Zuid-congreslid Preston Brooks verslaat woest Noord-senator Charles Sumner in de zalen van het Congres terwijl de spanningen over de uitbreiding van de slavernij toenemen.
Toen de controversiële wet van Kansas-Nebraska van 1854 werd aangenomen, werd de volkssoevereiniteit toegepast binnen de twee nieuwe gebieden en kregen mensen het recht om de slavenkwestie bij stemming te beslissen. Omdat de wet het compromis van Missouri van 1820 teniet deed, werd het debat over de slavernij geïntensiveerd. Noorderlingen waren woedend dat de slavernij weer kon opduiken in een gebied waar het al meer dan 30 jaar verboden was. Toen er geweld uitbrak in Kansas Territory, werd de kwestie centraal in het Congres. Op 19 mei begon Massachusetts Senator Charles Sumner, een fervent abolitionist, een tweedaagse toespraak op de senaatsvloer waarin hij de 'misdaad tegen Kansas' afsloeg en drie van zijn collega's bij naam de schuld gaf, een van wie'outh Carolina senator Andrew P. Butler was bejaard, ziek en afwezig in de procedure.
De neef van Butler, vertegenwoordiger Preston Brooks uit South Carolina, die een geschiedenis van geweld had, nam het op zich om de eer van zijn verwanten te verdedigen. Met de stok die hij gebruikte voor verwondingen die hij opliep tijdens een duel over een politiek debat in 1840, ging Brooks de senaatskamer binnen en viel Sumner aan op zijn bureau, dat aan de vloer was vastgebout. De benen van Sumner waren vastgemaakt aan het bureau, zodat hij niet kon ontsnappen aan het woeste slaan. Pas toen andere congresleden Brooks onderdrukten, ontsnapte Sumner eindelijk.

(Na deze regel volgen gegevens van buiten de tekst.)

Lemma sum_delta m (j : 'I_m) c : \sum_i c * (i == j) = c.
Proof.
by rewrite (bigD1 j) //= eqxx muln1 big1 ?addn0 // => i /negbTE ->; rewrite muln0.
Qed.

Definition independent (gT : finGroupType) (n m : nat) (e : 'I_m -> gT) :=
  forall a : 'I_m -> nat, (\prod_i e i ^+ a i == 1)%g = [forall i, n %| a i].

Lemma independent_widen (gT : finGroupType) n m m' (le_m'm : m' <= m)
    (e : 'I_m -> gT) :
  independent n e -> independent n (fun i : 'I_m' => e (widen_ord le_m'm i)).
Proof.
move=> e_indep a; pose b (i : 'I_m) := oapp a 0 (insub (val i) : option 'I_m').
have b_widen j : b (widen_ord le_m'm j) = a j by rewrite /b /= valK.
have b_out (i : 'I_m) : m' <= i -> b i = 0 by move=> le; rewrite /b insubF // ltnNge le.
have -> : (\prod_(i < m') e (widen_ord le_m'm i) ^+ a i = \prod_i e i ^+ b i)%g.
  under eq_bigr => i _ do rewrite -b_widen.
  rewrite -(big_ord_narrow (F := fun i => e i ^+ b i)%g) big_mkcond /=.
  by apply: eq_bigr => i _; case: ltnP => [|/b_out ->].
rewrite e_indep; apply/forallP/forallP => [dvd_b j | dvd_a i].
  by rewrite -b_widen.
by rewrite /b; case: insubP => [j _ _|_]; [exact: dvd_a | exact: dvdn0].
Qed.

Section IndependentFamily.
Variables (gT : finGroupType) (G : {group gT}) (n m : nat) (e : 'I_m -> gT).
Hypotheses (cG : abelian G) (eG : forall i, e i \in G) (n_gt1 : 1 < n).
Hypothesis e_indep : independent n e.

Lemma prod_expgD (a b : 'I_m -> nat) :
  (\prod_i e i ^+ (a i + b i) = \prod_i e i ^+ a i * \prod_i e i ^+ b i)%g.
Proof.
rewrite -prodgM_commute => [|i j _ _]; last exact/commuteX2/(centsP cG).
by apply: eq_bigr => i _; rewrite expgD.
Qed.

Lemma prod_expg_inj (a b : 'I_m -> nat) :
  (\prod_i e i ^+ a i = \prod_i e i ^+ b i)%g -> forall i, a i = b i %[mod n].
Proof.
have n_pred i : n.-1 * b i + b i = n * b i by rewrite -mulSnr prednK // ltnW.
move=> eq_ab i; apply/eqP; rewrite -(eqn_modDr (n.-1 * b i)) [b i + _]addnC n_pred.
have : (\prod_i e i ^+ (a i + n.-1 * b i) == 1)%g.
  rewrite prod_expgD eq_ab -prod_expgD e_indep; apply/forallP => j.
  by rewrite addnC n_pred dvdn_mulr.
by rewrite e_indep => /forallP/(_ i); rewrite /dvdn modnMr => /eqP ->.
Qed.

Lemma e_prod j : e j = (\prod_i e i ^+ (i == j))%g.
Proof. by rewrite (big_only1 j) // ?eqxx ?expg1 // => i /negbTE ->. Qed.

Lemma e_inj : injective e.
Proof.
move=> i j eq_ij.
have := prod_expg_inj (etrans (esym (e_prod i)) (etrans eq_ij (e_prod j))) i.
by rewrite eqxx; have [//|_] := eqVneq i j; rewrite modn_small // mod0n.
Qed.

Section Monomials.
Variable s : nat.
Let g := (\prod_i e i ^+ s)%g.
Let G0 : {set gT} := g |: [set e i | i : 'I_m].
Hypothesis e_neq_g : forall i, e i != g.

Lemma G0P x : x \in G0 -> x = g \/ exists i, x = e i.
Proof. by rewrite !inE => /predU1P [->|/imsetP [i _ ->]]; [left | right; exists i]. Qed.

Lemma g_in_G0 : g \in G0. Proof. by rewrite !inE eqxx. Qed.

Lemma e_in_G0 i : e i \in G0. Proof. by rewrite !inE imset_f ?orbT. Qed.

Lemma G0_sub : G0 \subset G.
Proof.
apply/subsetP => x /G0P [->|[i ->]] //.
by apply: group_prod => i _; exact: groupX.
Qed.

Lemma count_notin_G0 S x : seq_over G0 S -> x \notin G0 -> count_mem x S = 0.
Proof. by move=> /allP S_G0 xG0; apply/count_memPn; apply: contra xG0 => /S_G0. Qed.

Definition monom t (u : 'I_m -> nat) : seq gT :=
  nseq t g ++ flatten [seq nseq (u i) (e i) | i <- enum 'I_m].

Lemma eq_monom t u u' : u =1 u' -> monom t u = monom t u'.
Proof. by move=> eq_u; rewrite /monom; under eq_map => i do rewrite eq_u. Qed.

Lemma monom_over t u : seq_over G0 (monom t u).
Proof.
rewrite /seq_over all_cat all_nseq; apply/andP; split; first exact/orP/or_intror/g_in_G0.
apply/allP => x /flattenP [_ /mapP [i _ ->]]; rewrite mem_nseq => /andP [_ /eqP ->].
exact: e_in_G0.
Qed.

Lemma count_g_monom t u : count_mem g (monom t u) = t.
Proof.
rewrite count_cat count_nseq /= eqxx mul1n count_flatten -map_comp sumnE big_map.
by rewrite big1 ?addn0 // => i _; rewrite /= count_nseq /= (negbTE (e_neq_g i)).
Qed.

Lemma count_e_monom t u i : count_mem (e i) (monom t u) = u i.
Proof.
rewrite count_cat count_nseq /= eq_sym (negbTE (e_neq_g i)) count_flatten.
rewrite -map_comp sumnE big_map big_enum (bigD1 i) //= count_nseq /= eqxx mul1n.
by rewrite big1 ?addn0 // => j ji; rewrite /= count_nseq /= (inj_eq e_inj) (negbTE ji).
Qed.

Lemma size_monom t u : size (monom t u) = t + \sum_i u i.
Proof.
rewrite size_cat size_nseq size_flatten /shape -map_comp sumnE big_map big_enum.
by congr (_ + _); apply: eq_bigr => i _; rewrite /= size_nseq.
Qed.

Lemma perm_monom S t u : seq_over G0 S -> count_mem g S = t ->
  (forall i, count_mem (e i) S = u i) -> perm_eq S (monom t u).
Proof.
move=> S_G0 St Su; apply/allP => x _; apply/eqP.
case: (boolP (x \in G0)) => [/G0P [->|[i ->]]|xG0].
- by rewrite St count_g_monom.
- by rewrite Su count_e_monom.
- by rewrite !count_notin_G0 ?monom_over.
Qed.

Lemma prod_over S : seq_over G0 S ->
  (\prod_(x <- S) x = \prod_i e i ^+ (count_mem (e i) S + s * count_mem g S))%g.
Proof.
elim: S => [_|x S IH /andP [/G0P x_G0 /IH {}IH]].
  by rewrite big_nil; apply/esym/big1 => i _; rewrite muln0.
rewrite big_cons IH; case: x_G0 => [->|[j ->]].
  rewrite /g -prod_expgD; apply: eq_bigr => i _ /=.
  by rewrite eq_sym (negbTE (e_neq_g i)) eqxx; congr (_ ^+ _)%g; lia.
rewrite {1}(e_prod j) -prod_expgD; apply: eq_bigr => i _ /=.
by rewrite (negbTE (e_neq_g j)) (inj_eq e_inj) eq_sym add0n addnA.
Qed.

Lemma zero_sum_over S : seq_over G0 S ->
  zero_sum S = [forall i, n %| count_mem (e i) S + s * count_mem g S].
Proof. by move=> S_G0; rewrite /zero_sum prod_over. Qed.

Lemma zero_sum_monom t u : zero_sum (monom t u) = [forall i, n %| u i + s * t].
Proof.
rewrite zero_sum_over ?monom_over // count_g_monom.
by apply: eq_forallb => i; rewrite count_e_monom.
Qed.

Lemma size_over S : seq_over G0 S ->
  size S = count_mem g S + \sum_i count_mem (e i) S.
Proof. by move=> S_G0; rewrite (perm_size (perm_monom S_G0 erefl (fun=> erefl))) size_monom. Qed.

Lemma monom_atom t u : 0 < t + \sum_i u i ->
    (forall i, n %| u i + s * t) ->
    (forall t' u', t' <= t -> (forall i, u' i <= u i) ->
       (forall i, n %| u' i + s * t') ->
       (t' = 0 /\ forall i, u' i = 0) \/ (t' = t /\ forall i, u' i = u i)) ->
  minimal_zero_sum (monom t u).
Proof.
move=> tu_gt0 zu tu_min; split.
- by rewrite -size_eq0 size_monom -lt0n.
- by rewrite zero_sum_monom; apply/forallP.
move=> msk; set T := mask msk _.
have T_G0 : seq_over G0 T := all_mask _ (monom_over t u).
have sub_count x : count_mem x T <= count_mem x (monom t u).
  exact/leq_count_subseq/mask_subseq.
have Tt_le : count_mem g T <= t by rewrite -[leqRHS](count_g_monom t u).
have Tu_le i : count_mem (e i) T <= u i by rewrite -(count_e_monom t u i).
rewrite zero_sum_over // => /forallP zT.
have [[T0 Tu0] | [Tt Tu]] := tu_min _ _ Tt_le Tu_le zT.
  by left; apply/eqP; rewrite -size_eq0 size_over // T0 big1.
by right; rewrite size_over // size_monom Tt; congr (_ + _); apply: eq_bigr.
Qed.

Lemma atom_perm_monom A t u : seq_over G0 A -> minimal_zero_sum A ->
    0 < t + \sum_i u i -> (forall i, n %| u i + s * t) ->
    t <= count_mem g A -> (forall i, u i <= count_mem (e i) A) ->
  perm_eq A (monom t u).
Proof.
move=> A_G0 [_ _ A_min] tu_gt0 zu tA uA.
have [_ /subseqP [msk _ ->] pe] : exists2 T, subseq T A & perm_eq (monom t u) T.
  apply/count_subseqP => x; case: (boolP (x \in G0)) => [/G0P [->|[i ->]]|xG0].
  - by rewrite count_g_monom.
  - by rewrite count_e_monom.
  - by rewrite count_notin_G0 ?monom_over.
have z_mask : zero_sum (mask msk A).
  rewrite zero_sum_over; last exact: all_mask.
  apply/forallP => i.
  by rewrite -!(seq.permP pe) count_e_monom count_g_monom.
case: (A_min msk z_mask) => [mask0 | full].
  by move: tu_gt0; rewrite -size_monom (perm_size pe) mask0.
suff <- : mask msk A = A by rewrite perm_sym.
by apply/eqP; rewrite -(size_subseq_leqif (mask_subseq msk A)) full.
Qed.

Lemma lengths_monom (I : eqType) (r : seq I) (t : I -> nat) (u : I -> 'I_m -> nat) :
    (forall j, j \in r -> minimal_zero_sum (monom (t j) (u j))) ->
  lengths (monom (\sum_(j <- r) t j) (fun i => \sum_(j <- r) u j i)) (size r).
Proof.
move=> atoms; exists [seq monom (t j) (u j) | j <- r]; split.
- by rewrite size_map.
- by move=> _ /mapP [j jr ->]; exact: atoms.
apply: perm_monom => [|| i].
- by apply/allP => x /flattenP [_ /mapP [j _ ->]]; exact/allP/monom_over.
- rewrite count_flatten -map_comp sumnE big_map.
  by apply: eq_bigr => j _; exact: count_g_monom.
- rewrite count_flatten -map_comp sumnE big_map.
  by apply: eq_bigr => j _; exact: count_e_monom.
Qed.

Lemma atom_cases A : seq_over G0 A -> minimal_zero_sum A ->
  [\/ perm_eq A (monom n (fun=> 0)),
      exists j, perm_eq A (monom 0 (fun i => n * (i == j)))
    | 0 < count_mem g A < n].
Proof.
move=> A_G0 A_atom; have [A_nil zA _] := A_atom.
move: zA; rewrite zero_sum_over // => /forallP zA.
have [le_n_cg|lt_cg_n] := leqP n (count_mem g A).
  apply: Or31; apply: atom_perm_monom => // [|i].
    by rewrite big1 ?addn0 // ltnW.
  by rewrite add0n dvdn_mull.
have [cg0|cg_gt0] := posnP (count_mem g A); last by apply: Or33; apply/andP.
apply: Or32; case: A A_nil A_G0 A_atom zA cg0 {lt_cg_n} => // x A _ A_G0 A_atom.
have [x_g|[j x_e]] := G0P (allP A_G0 x (mem_head x A)).
  by rewrite /= x_g eqxx.
move=> zA cg0; exists j; apply/atom_perm_monom => // [||i].
- by rewrite add0n sum_delta ltnW.
- by move=> i; rewrite muln0 addn0 dvdn_mulr.
- have [->|_] := eqVneq i j; last by rewrite muln0.
  rewrite muln1; apply: dvdn_leq; first by rewrite /= x_e eqxx.
  by have := zA j; rewrite cg0 muln0 addn0.
Qed.

Lemma weight_perm_monom c A t u : perm_eq A (monom t u) ->
  \sum_(x <- A) (1 + c * (x == g)) = t + \sum_i u i + c * t.
Proof.
move=> pe; rewrite (perm_big _ pe) big_split /= sum1_size size_monom -big_distrr /=.
congr (_ + c * _); rewrite -[RHS](count_g_monom t u) -sum1_count [RHS]big_mkcond.
by apply: eq_bigr => x _ /=; case: (x == g).
Qed.

Lemma g_pow_atom : 0 < m -> (forall t, n %| s * t -> n %| t) ->
  minimal_zero_sum (monom n (fun=> 0)).
Proof.
move=> m_gt0 s_coprime; apply: monom_atom => [||t' u' le_t' le_u' z'].
- by rewrite big1 ?addn0 // ltnW.
- by move=> i; rewrite add0n dvdn_mull.
have u'0 i : u' i = 0 by have := le_u' i; lia.
have := z' (Ordinal m_gt0); rewrite u'0 add0n => /s_coprime/dvdn_leq_cases.
by case/(_ le_t') => ->; [left | right].
Qed.

Lemma e_pow_atom j : minimal_zero_sum (monom 0 (fun i => n * (i == j))).
Proof.
apply: monom_atom => [||t' u'].
- by rewrite add0n sum_delta ltnW.
- by move=> i; rewrite muln0 addn0 dvdn_mulr.
rewrite leqn0 => /eqP -> le_u' z'.
have u'_out i : i != j -> u' i = 0.
  by move=> /negbTE ij; have := le_u' i; rewrite ij muln0; lia.
have := z' j; rewrite muln0 addn0 => /dvdn_leq_cases.
have := le_u' j; rewrite eqxx muln1 => le_u'j /(_ le_u'j) [u'j|u'j].
  by left; split=> // i; have [->//|/u'_out] := eqVneq i j.
right; split=> // i; have [->|ij] := eqVneq i j; first by rewrite u'j muln1.
by rewrite u'_out // muln0.
Qed.

Let B := monom n (fun=> n).

Lemma zero_sum_B : zero_sum B.
Proof. by rewrite zero_sum_monom; apply/forallP => i; rewrite dvdn_add ?dvdn_mull. Qed.

Lemma lengths_B_succ : 0 < m -> (forall t, n %| s * t -> n %| t) -> lengths B m.+1.
Proof.
move=> m_gt0 s_coprime; pose r := None :: [seq Some j | j <- enum 'I_m].
pose t (o : option 'I_m) := if o is Some _ then 0 else n.
pose u (o : option 'I_m) i := if o is Some j then n * (i == j) else 0.
have atoms o : o \in r -> minimal_zero_sum (monom (t o) (u o)).
  by case/predU1P => [-> | /mapP [j _ ->]]; [exact: g_pow_atom | exact: e_pow_atom].
have := lengths_monom atoms; rewrite /= size_map -cardE card_ord.
rewrite !big_cons big_map big1 // addn0 (@eq_monom _ _ (fun=> n)) // => i.
rewrite big_cons add0n big_map big_enum /=.
by under eq_bigr => j _ do rewrite eq_sym; exact: sum_delta.
Qed.

Section Sum.
Hypotheses (s_eq1 : s = 1) (m_gt1 : 1 < m).

Lemma monom_compl_atom t : 0 < t <= n -> minimal_zero_sum (monom t (fun=> n - t)).
Proof.
move=> /andP [t_gt0 le_tn].
apply: monom_atom => [||t' u' le_t' le_u' z'].
- by rewrite addn_gt0 t_gt0.
- by move=> i; rewrite s_eq1 mul1n subnK.
have sum_i i : u' i + t' = 0 \/ u' i + t' = n.
  apply: dvdn_leq_cases; first by rewrite -[t' in _ + t']mul1n -s_eq1.
  by have := le_u' i; lia.
have [t'0|t'_gt0] := posnP t'.
  by left; split=> // i; have := le_u' i; have := sum_i i; lia.
have i0 := Ordinal (ltnW m_gt1).
have t't : t' = t by have := le_u' i0; have := sum_i i0; lia.
by right; split=> // i; have := le_u' i; have := sum_i i; lia.
Qed.

Lemma lengths_B_two : lengths B 2.
Proof.
have atoms j : j \in [:: 1; n.-1] -> minimal_zero_sum (monom j (fun=> n - j)).
  by move=> jr; apply: monom_compl_atom; move: jr; rewrite !inE => /orP [] /eqP ->; lia.
have := lengths_monom atoms; rewrite (@eq_monom _ _ (fun=> n)) => [|i].
  by rewrite !big_cons big_nil addn0 add1n prednK // ltnW.
by rewrite !big_cons big_nil; lia.
Qed.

Brooks werd meteen een held in het Zuiden en supporters stuurden hem veel vervangende wandelstokken. Hij werd in het noorden belasterd en werd een symbool van de stereotypisch onbuigzame, compromisloze vertegenwoordiger van de slavenmacht. Het incident was een voorbeeld van de groeiende vijandigheid tussen de twee kampen in de vooroorlogse jaren.
Sumner keerde niet terug naar de Senaat gedurende drie jaar terwijl hij herstelde.